Please output the data exactly, without omitting anything.

(MATERIAL PROVIDED)

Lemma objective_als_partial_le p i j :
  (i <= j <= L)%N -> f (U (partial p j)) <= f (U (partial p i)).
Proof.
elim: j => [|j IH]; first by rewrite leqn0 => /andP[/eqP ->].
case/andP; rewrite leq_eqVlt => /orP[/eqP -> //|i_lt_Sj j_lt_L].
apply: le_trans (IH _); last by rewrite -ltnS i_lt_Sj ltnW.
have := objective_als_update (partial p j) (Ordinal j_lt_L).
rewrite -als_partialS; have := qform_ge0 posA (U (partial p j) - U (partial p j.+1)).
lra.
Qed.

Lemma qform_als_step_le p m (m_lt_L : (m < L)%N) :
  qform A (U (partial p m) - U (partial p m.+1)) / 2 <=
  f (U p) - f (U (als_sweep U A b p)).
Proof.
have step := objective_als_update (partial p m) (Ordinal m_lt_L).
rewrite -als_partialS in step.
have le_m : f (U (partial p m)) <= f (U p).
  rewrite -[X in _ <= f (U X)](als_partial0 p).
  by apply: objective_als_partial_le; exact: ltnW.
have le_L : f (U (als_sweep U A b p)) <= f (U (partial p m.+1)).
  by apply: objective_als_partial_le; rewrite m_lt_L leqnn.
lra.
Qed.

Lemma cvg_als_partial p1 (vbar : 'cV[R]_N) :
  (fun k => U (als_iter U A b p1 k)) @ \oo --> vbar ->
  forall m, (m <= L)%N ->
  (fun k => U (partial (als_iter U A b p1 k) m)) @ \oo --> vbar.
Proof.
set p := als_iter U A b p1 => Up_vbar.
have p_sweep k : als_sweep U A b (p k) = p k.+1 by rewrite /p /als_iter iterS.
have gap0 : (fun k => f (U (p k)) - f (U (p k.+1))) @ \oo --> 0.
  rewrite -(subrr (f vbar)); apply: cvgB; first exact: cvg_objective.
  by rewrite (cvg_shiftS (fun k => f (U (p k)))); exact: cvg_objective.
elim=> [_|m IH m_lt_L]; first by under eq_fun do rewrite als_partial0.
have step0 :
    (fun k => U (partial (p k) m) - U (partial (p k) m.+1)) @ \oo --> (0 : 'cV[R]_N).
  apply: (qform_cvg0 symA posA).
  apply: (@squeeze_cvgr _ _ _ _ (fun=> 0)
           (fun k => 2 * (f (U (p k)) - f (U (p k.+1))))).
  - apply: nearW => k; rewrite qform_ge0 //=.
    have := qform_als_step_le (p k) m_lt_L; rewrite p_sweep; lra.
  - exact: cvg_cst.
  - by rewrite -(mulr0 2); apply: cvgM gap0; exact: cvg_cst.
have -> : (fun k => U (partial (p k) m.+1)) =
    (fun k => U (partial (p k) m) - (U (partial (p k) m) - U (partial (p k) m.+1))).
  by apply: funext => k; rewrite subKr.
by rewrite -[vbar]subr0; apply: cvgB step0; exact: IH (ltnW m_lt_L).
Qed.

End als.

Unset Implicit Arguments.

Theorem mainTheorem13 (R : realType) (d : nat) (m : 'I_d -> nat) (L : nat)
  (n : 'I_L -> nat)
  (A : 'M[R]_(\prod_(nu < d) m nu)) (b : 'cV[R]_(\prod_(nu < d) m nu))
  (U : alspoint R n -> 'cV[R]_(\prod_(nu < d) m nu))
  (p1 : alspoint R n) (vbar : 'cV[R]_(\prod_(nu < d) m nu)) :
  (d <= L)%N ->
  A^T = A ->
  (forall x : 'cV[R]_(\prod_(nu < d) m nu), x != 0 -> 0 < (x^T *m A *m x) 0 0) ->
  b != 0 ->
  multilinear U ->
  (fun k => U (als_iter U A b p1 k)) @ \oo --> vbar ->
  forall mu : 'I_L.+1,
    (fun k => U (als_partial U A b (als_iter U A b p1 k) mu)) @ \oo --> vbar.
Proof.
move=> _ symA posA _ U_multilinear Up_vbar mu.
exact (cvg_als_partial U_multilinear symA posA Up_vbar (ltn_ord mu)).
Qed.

(End MATERIAL PROVIDED)

ANSWER TO THE EXERCISE:
Lemma objective_als_partial_le p i j :
  (i <= j <= L)%N -> f (U (partial p j)) <= f (U (partial p i)).
Proof.
elim: j => [|j IH]; first by rewrite leqn0 => /andP[/eqP ->].
case/andP; rewrite leq_eqVlt => /orP[/eqP -> //|i_lt_Sj j_lt_L].
apply: le_trans (IH _); last by rewrite -ltnS i_lt_Sj ltnW.
have := objective_als_update (partial p j) (Ordinal j_lt_L).
rewrite -als_partialS; have := qform_ge0 posA (U (partial p j) - U (partial p j.+1)).
lra.
Qed.

Lemma qform_als_step_le p m (m_lt_L : (m < L)%N) :
  qform A (U (partial p m) - U (partial p m.+1)) / 2 <=
  f (U p) - f (U (als_sweep U A b p)).
Proof.
have step := objective_als_update (partial p m) (Ordinal m_lt_L).
rewrite -als_partialS in step.
have le_m : f (U (partial p m)) <= f (U p).
  rewrite -[X in _ <= f (U X)](als_partial0 p).
  by apply: objective_als_partial_le; exact: ltnW.
have le_L : f (U (als_sweep U A b p)) <= f (U (partial p m.+1)).
  by apply: objective_als_partial_le; rewrite m_lt_L leqnn.
lra.
Qed.

Lemma cvg_als_partial p1 (vbar : 'cV[R]_N) :
  (fun k => U (als_iter U A b p1 k)) @ \oo --> vbar ->
  forall m, (m <= L)%N ->
  (fun k => U (partial (als_iter U A b p1 k) m)) @ \oo --> vbar.
Proof.
set p := als_iter U A b p1 => Up_vbar.
have p_sweep k : als_sweep U A b (p k) = p k.+1 by rewrite /p /als_iter iterS.
have gap0 : (fun k => f (U (p k)) - f (U (p k.+1))) @ \oo --> 0.
  rewrite -(subrr (f vbar)); apply: cvgB; first exact: cvg_objective.
  by rewrite (cvg_shiftS (fun k => f (U (p k)))); exact: cvg_objective.
elim=> [_|m IH m_lt_L]; first by under eq_fun do rewrite als_partial0.
have step0 :
    (fun k => U (partial (p k) m) - U (partial (p k) m.+1)) @ \oo --> (0 : 'cV[R]_N).
  apply: (qform_cvg0 symA posA).
  apply: (@squeeze_cvgr _ _ _ _ (fun=> 0)
           (fun k => 2 * (f (U (p k)) - f (U (p k.+1))))).
  - apply: nearW => k; rewrite qform_ge0 //=.
    have := qform_als_step_le (p k) m_lt_L; rewrite p_sweep; lra.
  - exact: cvg_cst.
  - by rewrite -(mulr0 2); apply: cvgM gap0; exact: cvg_cst.
have -> : (fun k => U (partial (p k) m.+1)) =
    (fun k => U (partial (p k) m) - (U (partial (p k) m) - U (partial (p k) m.+1))).
  by apply: funext => k; rewrite subKr.
by rewrite -[vbar]subr0; apply: cvgB step0; exact: IH (ltnW m_lt_L).
Qed.

End als.

Unset Implicit Arguments.

Theorem mainTheorem13 (R : realType) (d : nat) (m : 'I_d -> nat) (L : nat)
  (n : 'I_L -> nat)
  (A : 'M[R]_(\prod_(nu < d) m nu)) (b : 'cV[R]_(\prod_(nu < d) m nu))
  (U : alspoint R n -> 'cV[R]_(\prod_(nu < d) m nu))
  (p1 : alspoint R n) (vbar : 'cV[R]_(\prod_(nu < d) m nu)) :
  (d <= L)%N ->
  A^T = A ->
  (forall x : 'cV[R]_(\prod_(nu < d) m nu), x != 0 -> 0 < (x^T *m A *m x) 0 0) ->
  b != 0 ->
  multilinear U ->
  (fun k => U (als_iter U A b p1 k)) @ \oo --> vbar ->
  forall mu : 'I_L.+1,
    (fun k => U (als_partial U A b (als_iter U A b p1 k) mu)) @ \oo --> vbar.
Proof.
move=> _ symA posA _ U_multilinear Up_vbar mu.
exact (cvg_als_partial U_multilinear symA posA Up_vbar (ltn_ord mu)).
Qed.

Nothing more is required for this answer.